I've built both versions, the 60 degree and the 90 degree. It's the 60 degree I'm working on here.

The waterfall is with the settings you gave. Are the ridges in the higher frequencies, particularly at around 8kHz, the possible root of the wiggles?

It would be great if HF horn resonances, or maybe even CD driver to horn throat mismatches, are the cause, as these might be fixable. I'll work on dampening the horn, an eighteen sound XT1464. The horns throat is also a slight bit larger in diameter than the CD exit. I haven't really figured out how to smooth that out other than a lame attempt with some beeswax.

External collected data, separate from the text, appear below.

(* T''_B = intersection of ker mu over all homs mu : F_X -> B with T <= ker mu. *)
Definition Tclos (S : monoid) (X : Type) (B : sact S)
    (T : X * S -> X * S -> Prop) (p q : X * S) : Prop :=
  forall mu : X * S -> B, is_hom_free mu ->
    (forall a b, T a b -> mu a = mu b) -> mu p = mu q.

Definition geom_equiv (S : monoid) (A B : sact S) : Prop :=
  forall (X : finType), (0 < #|X|)%N ->
  forall (T : X * S -> X * S -> Prop) (p q : X * S),
    Tclos A T p q <-> Tclos B T p q.

Definition lcoset (S : monoid) (H : S -> Prop) (t : S) : S -> Prop :=
  fun u => exists h, H h /\ u = mmul t h.

Definition coset_car (S : monoid) (H : S -> Prop) : Type :=
  { C : S -> Prop | exists t, C = lcoset H t }.

Definition pred_act (S : monoid) (s : S) (C : S -> Prop) : S -> Prop :=
  fun u => exists v, C v /\ u = mmul s v.

Lemma pred_act_lcoset (S : monoid) (H : S -> Prop) (s t : S) :
  pred_act s (lcoset H t) = lcoset H (mmul s t).
Proof.
apply: functional_extensionality => u; apply: propositional_extensionality.
split.
- move=> [v [[h [Hh ->]] ->]]; exists h; split => //; by rewrite mmulA.
- move=> [h [Hh ->]]; exists (mmul t h); split; first by exists h.
  by rewrite mmulA.
Qed.

Lemma pred_act_coset (S : monoid) (H : S -> Prop) (s : S) (C : S -> Prop) :
  (exists t, C = lcoset H t) -> exists t, pred_act s C = lcoset H t.
Proof. move=> [t ->]; exists (mmul s t); exact: pred_act_lcoset. Qed.

Definition coset_op (S : monoid) (H : S -> Prop) (s : S) (c : coset_car H) :
  coset_car H :=
  exist _ (pred_act s (proj1_sig c)) (pred_act_coset s (proj2_sig c)).

Lemma coset_op1 (S : monoid) (H : S -> Prop) (c : coset_car H) :
  coset_op mone c = c.
Proof.
case: c => C pC; apply: subset_eq_compat => /=.
apply: functional_extensionality => u; apply: propositional_extensionality.
split; first by move=> [v [Cv ->]]; rewrite mmul1.
by move=> Cu; exists u; rewrite mmul1.
Qed.

Lemma coset_opM (S : monoid) (H : S -> Prop) (s t : S) (c : coset_car H) :
  coset_op (mmul s t) c = coset_op s (coset_op t c).
Proof.
case: c => C pC; apply: subset_eq_compat => /=.
apply: functional_extensionality => u; apply: propositional_extensionality.
split.
- move=> [v [Cv ->]]; exists (mmul t v); split; first by exists v.
  by rewrite mmulA.
- move=> [w [[v [Cv ->]] ->]]; exists v; split => //; by rewrite mmulA.
Qed.

Definition coset_act (S : monoid) (H : S -> Prop) : sact S :=
  SAct (@coset_op1 S H) (@coset_opM S H).

Section Coprod.
Variables (S : monoid) (I : Type) (F : I -> sact S).

Definition coprod_op (s : S) (a : {i : I & F i}) : {i : I & F i} :=
  existT _ (projT1 a) (aop (F (projT1 a)) s (projT2 a)).

Lemma coprod_op1 a : coprod_op mone a = a.
Proof. by case: a => i x; rewrite /coprod_op /= aop1. Qed.

Lemma coprod_opM s t a : coprod_op (mmul s t) a = coprod_op s (coprod_op t a).
Proof. by case: a => i x; rewrite /coprod_op /= aopM. Qed.

Definition coprod_act : sact S := SAct coprod_op1 coprod_opM.
End Coprod.

Section Sum.
Variables (S : monoid) (A B : sact S).

Definition sum_op (s : S) (x : A + B) : A + B :=
  match x with inl a => inl (aop A s a) | inr b => inr (aop B s b) end.

Lemma sum_op1 x : sum_op mone x = x.
Proof. by case: x => a /=; rewrite aop1. Qed.

Lemma sum_opM s t x : sum_op (mmul s t) x = sum_op s (sum_op t x).
Proof. by case: x => a /=; rewrite aopM. Qed.
(* The a-posteriori bound obeys e_(n+1) <= (|f'(x_n)| + (2B + K) e_n) e_n + M 2^-m
   with M = max(|a|, |b|): the first term propagates the error through the
   slope of f near the true orbit, the second accounts for rounding x_(n+1).
   Unrolling, e_n is at most M 2^-m times sums of products of the factors
   |f'(x_j)| + (2B + K) e_j.  Each is either within (1 + d) of |f'(x_j)|, or
   |f'(x_j)| is so small that the factor is O(e_j); as long as the e_j stay
   small the latter kind only shortens the product, so by induction
   e_n <= M 2^-m exp((max(0, lambda) + o(1)) N) for n <= N, using that the
   partial sums of ln|f'(x_j)| grow like lambda n.  The requirement
   e_n <= tol |xhat_n| then holds once 2^m exceeds this quantity divided by
   min |x_n|, which the Standing Assumption makes subexponential.  Hence
   m_min(x, N, p) <= (max(0, lambda)/ln 2 + eps) N eventually, for every p,
   and lambda <= lambdabar(x) because eta_alpha dominates ln. *)

From Stdlib Require Import Reals QArith Qreals ZArith Lra Lia Classical ClassicalEpsilon.
Open Scope R_scope.

Lemma ln2_pos : 0 < ln 2.
Proof. rewrite <- ln_1. apply ln_increasing; lra. Qed.

Lemma ln2_lt_1 : ln 2 < 1.
Proof.
  rewrite <- (ln_exp 1). apply ln_increasing; [lra|].
  pose proof (exp_ineq1 1 ltac:(lra)). lra.
Qed.

Lemma ln_le x y : 0 < x -> x <= y -> ln x <= ln y.
Proof. intros H1 [H2|H2]; [left; apply ln_increasing; auto| right; subst; auto]. Qed.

It would be great because if it's not the high end, and the wiggles are due to the low end, I doubt anything can be done? The folded-horn low end is simply going to have ripples I think...?
I guess that's the price of so much power in a relatively small box. Did you see the sensitivity post I put up? :D https://soundforums.net/forum/low-e...2390-60-degree-diy-mid-hi?p=203758#post203758

Yes, I've been trying to get phase flat as low as possible...still trying lol...I need miniDSP to allow an openDRC to use all of its 12288 taps in mono !
So far, I've gotten fairly flat to maybe 40 Hz, and what I've heard stereo indoors is promising. Bass almost sounds like there is less bass, until I realize I'm hearing a clearer more dynamic sound...and still feeling all the vibration I'm used to. But I really won't know until I can set up outside for some extended comparing to a more traditional IIR group delay...
I do already believe though, that at least the subs electrical bandpass filters should be linearized... I mean, why not, what's to lose?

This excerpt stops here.